The plans are marketed as ideal for people who have paid off their mortgage, as they allow owners to release cash tied up in their home without having to sell up.
Now Which? magazine reports there are big flaws with some of the plans, which could be punitive, complicated and expensive.
In one type of scheme pensioners borrow money and agree to pay it back when their property is sold. But, says the Consumers’ Association, this can be very punitive as interest is added to the loan, so later, interest is paid upon interest already accumulated. The amount owed can grow very quickly, eating up the bulk of the value of the property.

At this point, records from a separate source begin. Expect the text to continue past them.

(* Let $\mathbf a,\mathbf b\in\mathbb Z^2$ be arbitrary integral vectors and put $B=|\mathbf a\times\mathbf b|$. Define the integers $$B_0=-B,\quad B_1=B+\|\mathbf a\|^2,\quad B_2=B+\|\mathbf b\|^2,\quad B_{3,4}=B+\|\mathbf a\pm\mathbf b\|^2=B+\|\mathbf a\|^2+\|\mathbf b\|^2\pm2\,\mathbf a\cdot\mathbf b .$$ Then $\mathbf a,\mathbf b$ determine an everted Descartes configuration of disks $D_0,D_1,D_2,D_3$ with curvatures $(B_0,B_1,B_2,B_3)$ (and likewise, the conjugate one with $B_4$ in place of $B_3$), in which $\mathbf a=\mathrm{spin}(D_0,D_1)$ and $\mathbf b=\mathrm{spin}(D_0,D_2)$; consequently the Apollonian packing generated by it is integral. Moreover, for every vector $\mathbf v=\alpha\mathbf a+\beta\mathbf b$ with $\alpha,\beta\in\mathbb Z$, $\gcd(\alpha,\beta)=1$, there is a disk in the major corona (the set of disks of the packing tangent to $D_0$) with curvature $$B_{\mathbf v}=B+\|\mathbf v\|^2 .$$ If $\mathbf v,\mathbf w$ are two such linear combinations with $\mathbf v\times\mathbf w=\pm B$, then the disks of curvatures $B_0,B_{\mathbf v},B_{\mathbf w}$ form a tricycle.
   Context: A disk is the interior (inner, positive curvature $1/r$) or exterior (outer, negative curvature $-1/r$, signed radius $-r$) of a circle of radius $r$; half-planes have curvature $0$. A tricycle is a configuration of three mutually tangent, non-overlapping disks; a Descartes configuration is four mutually tangent non-overlapping disks; it is everted if it contains a disk of negative (or zero) curvature, that disk being the major disk. Every tricycle is completed uniquely to an Apollonian packing by recursively inscribing new disks in the curvilinear triangular gaps; it is integral if all curvatures are integers. Tangency spinor: identifying the plane with $\mathbb C$, for tangent disks $A,B$ with centers $c_A,c_B$ and signed radii $r_A,r_B$, $\mathrm{spin}(A,B)=\pm\sqrt{(c_B-c_A)/(r_Ar_B)}$, regarded as a vector in $\mathbb R^2$ (defined up to sign). For $\mathbf a=(x,y)^T,\mathbf b=(x',y')^T$: $\mathbf a\cdot\mathbf b=xx'+yy'$, $\mathbf a\times\mathbf b=xy'-x'y$, $\|\mathbf a\|^2=\mathbf a\cdot\mathbf a$. *)

From Stdlib Require Import Reals ZArith.
From Coquelicot Require Import Coquelicot.

Open Scope R_scope.

Definition zdot (a b : Z * Z) : Z := (fst a * fst b + snd a * snd b)%Z.
Definition zcross (a b : Z * Z) : Z := (fst a * snd b - fst b * snd a)%Z.
Definition znorm2 (a : Z * Z) : Z := zdot a a.
Definition zadd (a b : Z * Z) : Z * Z := (fst a + fst b, snd a + snd b)%Z.
Definition zsub (a b : Z * Z) : Z * Z := (fst a - fst b, snd a - snd b)%Z.
Definition zlin (alpha beta : Z) (a b : Z * Z) : Z * Z :=
  (alpha * fst a + beta * fst b, alpha * snd a + beta * snd b)%Z.
Definition zvec (a : Z * Z) : C := (IZR (fst a), IZR (snd a)).

(* Inner c r : interior {z : |z - c| < r} of the circle of center c, radius r
               (curvature 1/r, signed radius r);
   Outer c r : exterior {z : |z - c| > r} of that circle
               (curvature -1/r, signed radius -r);
   Half p n  : open half-plane {z : (z - p) . n > 0} (curvature 0). *)
Inductive disk : Type :=
| Inner (c : C) (r : R)
| Outer (c : C) (r : R)
| Half (p : C) (n : C).

Definition cdot (z w : C) : R := fst z * fst w + snd z * snd w.

Definition wf_disk (D : disk) : Prop :=
  match D with
  | Inner _ r => 0 < r
  | Outer _ r => 0 < r
  | Half _ n => n <> 0%C
  end.

Definition in_disk (D : disk) (z : C) : Prop :=
  match D with
  | Inner c r => Cmod (z - c) < r
  | Outer c r => r < Cmod (z - c)
  | Half p n => 0 < cdot (z - p) n
  end.

Definition on_boundary (D : disk) (z : C) : Prop :=
  match D with
  | Inner c r => Cmod (z - c) = r
  | Outer c r => Cmod (z - c) = r
  | Half p n => cdot (z - p) n = 0
  end.

Definition curvature (D : disk) : R :=
  match D with
  | Inner _ r => / r
  | Outer _ r => - / r
  | Half _ _ => 0
  end.

Definition circ_data (D : disk) : option (C * R) :=
  match D with
  | Inner c r => Some (c, r)
  | Outer c r => Some (c, - r)
  | Half _ _ => None
  end.

Definition tangent (A B : disk) : Prop :=
  exists! z : C, on_boundary A z /\ on_boundary B z.

Definition non_overlapping (A B : disk) : Prop :=
  forall z : C, ~ (in_disk A z /\ in_disk B z).

Definition tangent_no (A B : disk) : Prop := tangent A B /\ non_overlapping A B.

Definition tricycle (A B D : disk) : Prop :=
  wf_disk A /\ wf_disk B /\ wf_disk D /\
  tangent_no A B /\ tangent_no A D /\ tangent_no B D.

Definition descartes (A B D E : disk) : Prop :=
  tricycle A B D /\ wf_disk E /\
  tangent_no A E /\ tangent_no B E /\ tangent_no D E.

Definition everted (A B D E : disk) : Prop :=
  descartes A B D E /\
  (curvature A <= 0 \/ curvature B <= 0 \/ curvature D <= 0 \/ curvature E <= 0).

(* s is a tangency spinor spin(A,B): s^2 = (c_B - c_A)/(r_A r_B) in C
   (the spinor is defined up to sign, i.e. s is one of the two square roots) *)
Definition is_spin (A B : disk) (s : C) : Prop :=
  exists cA rA cB rB,
    circ_data A = Some (cA, rA) /\ circ_data B = Some (cB, rB) /\
    (s * s)%C = ((cB - cA) / RtoC (rA * rB))%C.
(* Let $\alpha>0$, $\eta=\alpha/(L+\alpha)$, and consider AggGCG (primal) from $y_0\in\mathrm{dom}\, h$, $s_0\in\mathbb{R}^n$: for $k\ge0$, $x_{k+1}=\mathrm{argmin}_x\{\langle s_k,x\rangle+h^\alpha(x)\}$, $y_{k+1}=(1-\eta)y_k+\eta x_{k+1}$, $s_{k+1}=(1-\eta)s_k+\eta\nabla f(y_k)$. Then for all $k\ge0$: (a) $f(y_{k+1})\le(1-\eta)f(y_k)-\eta f^*(\nabla f(y_k))+\eta\langle\nabla f(y_k),x_{k+1}\rangle+\frac{L\eta^2}{2}\|x_{k+1}-y_k\|^2$; (b) $(h^\alpha)^*(-s_{k+1})\le(1-\eta)(h^\alpha)^*(-s_k)-\eta h^\alpha(x_{k+1})-\eta\langle x_{k+1},\nabla f(y_k)\rangle+\frac{\eta^2}{2\alpha}\|\nabla f(y_k)-s_k\|_*^2$; (c) $h^\alpha(y_{k+1})\le\eta h^\alpha(x_{k+1})+(1-\eta)h^\alpha(y_k)-\frac{\alpha\eta(1-\eta)}{2}\|x_{k+1}-y_k\|^2$; (d) $f^*(s_{k+1})\le\eta f^*(\nabla f(y_k))+(1-\eta)f^*(s_k)-\frac{\eta(1-\eta)}{2L}\|\nabla f(y_k)-s_k\|_*^2$.
   Context: Let $\|\cdot\|$ be a norm on $\mathbb{R}^n$ with dual norm $\|\cdot\|_*$. Let $f:\mathbb{R}^n\to\mathbb{R}$ be convex, differentiable and $L$-smooth ($L>0$) with respect to $\|\cdot\|$, $h:\mathbb{R}^n\to(-\infty,\infty]$ closed proper convex with bounded domain, and $w:\mathbb{R}^n\to[0,+\infty]$ closed, $1$-strongly convex with respect to $\|\cdot\|$ on $\mathrm{dom}\, h$, with $\max_{\mathrm{dom}\, h}w<\infty$. Let $h^\alpha=h+\alpha w$; $^*$ denotes convex conjugate. *)

From HB Require Import structures.
From mathcomp Require Import all_boot all_order all_algebra.
From mathcomp Require Import all_classical all_reals all_analysis.
Set Implicit Arguments. Unset Strict Implicit. Unset Printing Implicit Defensive.
Import Order.TTheory GRing.Theory Num.Theory.
Import numFieldNormedType.Exports.
Local Open Scope classical_set_scope.
Local Open Scope ring_scope.

Definition dotp (R : realType) (n : nat) (u v : 'rV[R]_n) : R :=
  \sum_(i < n) u 0 i * v 0 i.

Definition is_norm (R : realType) (n : nat) (nrm : 'rV[R]_n -> R) : Prop :=
  [/\ forall x, nrm x = 0 -> x = 0,
      forall (a : R) x, nrm (a *: x) = `|a| * nrm x
    & forall x y, nrm (x + y) <= nrm x + nrm y].

Definition dual_norm (R : realType) (n : nat) (nrm : 'rV[R]_n -> R)
  (g : 'rV[R]_n) : R :=
  sup [set dotp g x | x in [set x | nrm x <= 1]].

Definition conj_ext (R : realType) (n : nat) (F : 'rV[R]_n -> \bar R)
  (s : 'rV[R]_n) : \bar R :=
  ereal_sup [set ((dotp s x)%:E - F x)%E | x in [set: 'rV[R]_n]].

Definition conj_fun (R : realType) (n : nat) (f : 'rV[R]_n -> R) :
  'rV[R]_n -> \bar R := conj_ext (fun x => (f x)%:E).

Definition edom (R : realType) (n : nat) (F : 'rV[R]_n -> \bar R) :
  set 'rV[R]_n := [set x | (F x < +oo)%E].

Definition convex_fun (R : realType) (n : nat) (f : 'rV[R]_n -> R) : Prop :=
  forall (x y : 'rV[R]_n) (t : R), 0 <= t <= 1 ->
    f (t *: x + (1 - t) *: y) <= t * f x + (1 - t) * f y.

Definition convex_ext (R : realType) (n : nat) (F : 'rV[R]_n -> \bar R) : Prop :=
  forall (x y : 'rV[R]_n) (t : R), 0 <= t <= 1 ->
    (F (t *: x + (1 - t) *: y)%R <= t%:E * F x + (1 - t)%:E * F y)%E.

Definition proper_ext (R : realType) (n : nat) (F : 'rV[R]_n -> \bar R) : Prop :=
  (forall x, F x != -oo%E) /\ exists x, (F x < +oo)%E.

(* closed = lower semicontinuous = all sublevel sets closed *)
Definition closed_ext (R : realType) (n : nat) (F : 'rV[R]_n -> \bar R) : Prop :=
  forall t : R, closed [set x | (F x <= t%:E)%E].

Definition strongly_convex_on (R : realType) (n : nat) (nrm : 'rV[R]_n -> R)
  (mu : R) (D : set 'rV[R]_n) (F : 'rV[R]_n -> \bar R) : Prop :=
  forall (x y : 'rV[R]_n) (t : R), D x -> D y -> 0 <= t <= 1 ->
    (F (t *: x + (1 - t) *: y)%R <= t%:E * F x + (1 - t)%:E * F y
       - (mu * t * (1 - t) / 2 * nrm (x - y) ^+ 2)%:E)%E.

Definition halpha (R : realType) (n : nat) (h w : 'rV[R]_n -> \bar R) (alpha : R) :
  'rV[R]_n -> \bar R := fun x => (h x + alpha%:E * w x)%E.

From HB Require Import structures.
From mathcomp Require Import all_boot all_order all_algebra.
From mathcomp Require Import all_classical all_reals all_analysis.
From mathcomp Require Import ring lra.
Import Order.TTheory GRing.Theory Num.Theory.
Import numFieldNormedType.Exports.
Local Open Scope classical_set_scope.
Local Open Scope ring_scope.

(** (a) is the descent lemma for the L-smooth f along x_{k+1} - y_k, combined
    with the Fenchel-Young equality f*(∇f y) = <∇f y, y> - f y, and (c) is the
    α-strong convexity of h^α.  (b) and (d) say that (h^α)* is (1/α)-smooth and
    f* is (1/L)-strongly convex.  For (b): since x_{k+1} minimises the
    α-strongly convex function <s_k, .> + h^α, this function exceeds its
    minimum by at least α/2 ‖z - x_{k+1}‖² at every z, which absorbs the
    linear perturbation by η(∇f(y_k) - s_k) up to η²/(2α) ‖∇f(y_k) - s_k‖_*²
    (AM-GM).  For (d): smoothness gives, for every z and every v,
    f*(v) ≥ <v, z> - f z + ‖v - ∇f z‖_*² / (2L), and
    t(1-t)(a+b)² ≤ t b² + (1-t) a² combines these bounds at v = ∇f(y_k) and
    v = s_k through the triangle inequality for ‖.‖_*. *)

Set Implicit Arguments.
Unset Strict Implicit.
Unset Printing Implicit Defensive.

Lemma le0_of_le_mul_small (R : realFieldType) (q c : R) : 0 <= c ->
  (forall t, 0 < t < 1 -> q <= t * c) -> q <= 0.
Proof.
move=> c_ge0 qc; apply/ler_addgt0Pr => e e_gt0; rewrite add0r.
have d_gt0 : 0 < c + e + e by lra.
apply: le_trans (qc (e / (c + e + e)) _) _.
  by rewrite divr_gt0 //= ltr_pdivrMr // mul1r; lra.
by rewrite mulrAC ler_pdivrMr // ler_wpM2l ?(ltW e_gt0) //; lra.
Qed.

Lemma convex_comb_sqr_le (R : realDomainType) (t a b : R) :
  t * (1 - t) * (a + b) ^+ 2 <= t * b ^+ 2 + (1 - t) * a ^+ 2.
Proof.
rewrite -subr_ge0.
have -> : t * b ^+ 2 + (1 - t) * a ^+ 2 - t * (1 - t) * (a + b) ^+ 2
  = ((1 - t) * a - t * b) ^+ 2 by ring.
exact: sqr_ge0.
Qed.

Section InnerProduct.
Variables (R : realType) (n : nat).
Implicit Types u v z : 'rV[R]_n.

Lemma dotpC u v : dotp u v = dotp v u.
Proof. by apply: eq_bigr => i _; rewrite mulrC. Qed.

Lemma dotpDl u v z : dotp (u + v) z = dotp u z + dotp v z.
Proof.
by rewrite /dotp -big_split; apply: eq_bigr => i _; rewrite mxE mulrDl.
Qed.

Lemma dotpZl a u z : dotp (a *: u) z = a * dotp u z.
Proof.
by rewrite /dotp mulr_sumr; apply: eq_bigr => i _; rewrite mxE mulrA.
Qed.

Lemma dotpNl u z : dotp (- u) z = - dotp u z.
Proof. by rewrite -scaleN1r dotpZl mulN1r. Qed.

Lemma dotpBl u v z : dotp (u - v) z = dotp u z - dotp v z.
Proof. by rewrite dotpDl dotpNl. Qed.

Lemma dotpDr u v z : dotp z (u + v) = dotp z u + dotp z v.
Proof. by rewrite !(dotpC z) dotpDl. Qed.

Lemma dotpZr a u z : dotp z (a *: u) = a * dotp z u.
Proof. by rewrite !(dotpC z) dotpZl. Qed.

Lemma dotpNr u z : dotp z (- u) = - dotp z u.
Proof. by rewrite !(dotpC z) dotpNl. Qed.

Lemma dotpBr u v z : dotp z (u - v) = dotp z u - dotp z v.
Proof. by rewrite dotpDr dotpNr. Qed.

Lemma dotp0r z : dotp z 0 = 0.
Proof. by rewrite -(scale0r (0 : 'rV[R]_n)) dotpZr mul0r. Qed.

Lemma ler_coord_mx_norm z i : `|z 0 i| <= `|z|.
Proof.
rewrite [`|z|]mx_normrE; apply: le_trans (le_bigmax _ _ (ord0, i)) => /=.
by rewrite ord1.
Qed.

End InnerProduct.

Section Norm.
Variables (R : realType) (n : nat) (nrm : 'rV[R]_n -> R).
Hypothesis nrmP : is_norm nrm.
Implicit Types x y g : 'rV[R]_n.

Lemma nrmZ a x : nrm (a *: x) = `|a| * nrm x.
Proof. by case: nrmP. Qed.

Lemma ler_nrmD x y : nrm (x + y) <= nrm x + nrm y.
Proof. by case: nrmP. Qed.

Lemma nrm0 : nrm 0 = 0.
Proof. by rewrite -(scale0r (0 : 'rV[R]_n)) nrmZ normr0 mul0r. Qed.

Lemma nrmN x : nrm (- x) = nrm x.
Proof. by rewrite -scaleN1r nrmZ normrN normr1 mul1r. Qed.

Lemma nrm_ge0 x : 0 <= nrm x.
Proof. by have := ler_nrmD x (- x); rewrite subrr nrm0 nrmN; lra. Qed.

Lemma nrm_gt0 x : x != 0 -> 0 < nrm x.
Proof.
move=> x_neq0; rewrite lt_def nrm_ge0 andbT.
by apply: contraNneq x_neq0; case: nrmP => nrm_eq0 _ _ /nrm_eq0 ->.
Qed.

Lemma nrm_le_mx_norm : exists2 C, 0 < C & forall x, nrm x <= C * `|x|.
Proof.
exists (1 + \sum_(i < n) nrm (delta_mx 0 i)).
  by rewrite ltr_pwDl // sumr_ge0 // => i _; exact: nrm_ge0.
move=> x; rewrite mulrDl mul1r; apply: ler_wpDl => //.
rewrite {1}(row_sum_delta x) mulr_suml.
elim/big_rec2: _ => [|i a b _ ab]; first by rewrite nrm0.
apply: le_trans (ler_nrmD _ _) _; rewrite mulrC nrmZ lerD //.
by rewrite ler_wpM2r ?nrm_ge0 ?ler_coord_mx_norm.
Qed.

Lemma nrm_continuous : continuous nrm.
Proof.
have [C C_gt0 nrm_le] := nrm_le_mx_norm.
move=> x; apply/(@cvgrPdist_lt _ _ _ (nbhs x) (nbhs_filter x)) => e e_gt0.
apply/nbhs_ballP; exists (e / C); first exact: divr_gt0.
move=> y; rewrite -ball_normE /= => xy_lt.
have le_xy : nrm (x - y) < e.
  by apply: le_lt_trans (nrm_le _) _; rewrite mulrC -ltr_pdivlMr.
have le_yx : nrm (y - x) < e by rewrite -opprB nrmN.
have := ler_nrmD (x - y) y; have := ler_nrmD (y - x) x.
rewrite !subrK ltr_norml => ? ?; apply/andP; split; lra.
Qed.

Lemma mx_norm_le_nrm : exists2 c, 0 < c & forall x, `|x| <= c * nrm x.
Proof.
have [[x0 x0_neq0]|] := pselect (exists x : 'rV[R]_n, x != 0); last first.
  move=> all0; exists 1 => // x; have -> : x = 0.
    by apply: contra_notP all0 => /eqP; exists x.
  by rewrite normr0 nrm0 mulr0.
pose S := [set x : 'rV[R]_n | `|x| = 1].
have unit_in_S x : x != 0 -> S (`|x|^-1 *: x).
  move=> x_neq0; rewrite /S /= normrZ normrV ?unitfE ?normr_eq0 //.
  by rewrite normr_id mulVf // normr_eq0.
have S_compact : compact S.
  apply: bounded_closed_compact.
    by exists 1; split => // M M_gt1 x /= ->; exact: ltW.
  exact: (continuous_closedP _).1 (@norm_continuous _ _) _ (@closed_eq _ 1).
have [c /[!inE] c_in c_min] :=
  EVT_min_rV (ex_intro _ _ (unit_in_S _ x0_neq0)) S_compact
    (continuous_subspaceT nrm_continuous).
have c_gt0 : 0 < nrm c.
  apply: nrm_gt0; apply: contra_eq_neq c_in => ->.
  by rewrite normr0 eq_sym oner_neq0.
exists (nrm c)^-1; first by rewrite invr_gt0.
move=> x; have [->|x_neq0] := eqVneq x 0; first by rewrite normr0 nrm0 mulr0.
have x_gt0 : 0 < `|x| by rewrite normr_gt0.
have := c_min _ (mem_set (unit_in_S _ x_neq0)).
rewrite nrmZ normrV ?unitfE ?normr_eq0 // normr_id => cx.
rewrite -(ler_pM2l c_gt0) mulrA mulfV ?gt_eqF // mul1r mulrC.
by rewrite -(ler_pM2l x_gt0) mulrA mulfV ?gt_eqF // mul1r in cx.
Qed.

In another type of scheme, homeowners sell all, or part, of their home to a ‘reversion’ provider and receive a lump sum, an income or both. However, the Association warns people who do this that they won't get anything like the full value of their home as companies typically pay only 40% to 60% of the property's current value.
What are the problems?
- The loan may have to be repaid if circumstances change. For example, if one of the pensioners needs to go into a retirement home or if they want to scale down. The scheme could leave them with too little equity for these options.
- Redemption charges could be large if people decide to pay off the loan early.
- The family may receive little or nothing when the plan holder dies.
Are there any other options?
The Consumers’ Association recommends looking at other options before considering equity release. People should view them as a last resort warns Helen Parker, editor of Which? magazine.
- Get independent financial advice.
- Think about moving somewhere smaller.
- Do you have savings you could spend first?
- Do you really want to be paying the loan for the rest of your life?